Collected data entries:

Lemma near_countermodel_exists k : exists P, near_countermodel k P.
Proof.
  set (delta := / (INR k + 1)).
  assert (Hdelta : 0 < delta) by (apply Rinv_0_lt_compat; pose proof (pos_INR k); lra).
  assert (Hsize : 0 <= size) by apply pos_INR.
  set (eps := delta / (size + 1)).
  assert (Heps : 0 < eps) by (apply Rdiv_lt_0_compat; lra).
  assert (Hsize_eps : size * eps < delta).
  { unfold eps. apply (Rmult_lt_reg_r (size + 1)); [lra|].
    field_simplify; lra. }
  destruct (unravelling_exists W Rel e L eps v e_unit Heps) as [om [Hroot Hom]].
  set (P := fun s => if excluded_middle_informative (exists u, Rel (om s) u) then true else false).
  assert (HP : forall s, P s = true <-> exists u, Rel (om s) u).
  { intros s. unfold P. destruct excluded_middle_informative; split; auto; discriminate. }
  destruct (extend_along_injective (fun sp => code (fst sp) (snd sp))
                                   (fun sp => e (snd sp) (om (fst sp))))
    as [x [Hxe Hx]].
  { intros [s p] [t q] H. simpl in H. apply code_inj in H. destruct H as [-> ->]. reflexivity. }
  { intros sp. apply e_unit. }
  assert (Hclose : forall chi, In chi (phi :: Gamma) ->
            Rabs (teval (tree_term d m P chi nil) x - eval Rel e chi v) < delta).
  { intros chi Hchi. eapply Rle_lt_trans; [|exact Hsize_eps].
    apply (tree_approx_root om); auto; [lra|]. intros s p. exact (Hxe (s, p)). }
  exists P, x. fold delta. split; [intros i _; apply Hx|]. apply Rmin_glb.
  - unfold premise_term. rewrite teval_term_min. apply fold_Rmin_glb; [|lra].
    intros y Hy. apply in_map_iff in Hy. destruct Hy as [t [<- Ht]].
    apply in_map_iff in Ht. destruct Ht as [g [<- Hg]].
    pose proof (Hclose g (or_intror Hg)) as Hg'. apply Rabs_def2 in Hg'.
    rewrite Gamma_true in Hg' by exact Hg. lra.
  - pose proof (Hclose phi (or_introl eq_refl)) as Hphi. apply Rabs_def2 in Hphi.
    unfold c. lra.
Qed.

HOW TO COMPLETE THIS TASK:
Please make an exact copy of the lines above from the line with "assert (Hsize_eps : size * eps < delta)." through the line with "assert (Hclose : forall", both ends included.

ANSWER SPACE:
  assert (Hsize_eps : size * eps < delta).
  { unfold eps. apply (Rmult_lt_reg_r (size + 1)); [lra|].
    field_simplify; lra. }
  destruct (unravelling_exists W Rel e L eps v e_unit Heps) as [om [Hroot Hom]].
  set (P := fun s => if excluded_middle_informative (exists u, Rel (om s) u) then true else false).
  assert (HP : forall s, P s = true <-> exists u, Rel (om s) u).
  { intros s. unfold P. destruct excluded_middle_informative; split; auto; discriminate. }
  destruct (extend_along_injective (fun sp => code (fst sp) (snd sp))
                                   (fun sp => e (snd sp) (om (fst sp))))
    as [x [Hxe Hx]].
  { intros [s p] [t q] H. simpl in H. apply code_inj in H. destruct H as [-> ->]. reflexivity. }
  { intros sp. apply e_unit. }
  assert (Hclose : forall chi, In chi (phi :: Gamma) ->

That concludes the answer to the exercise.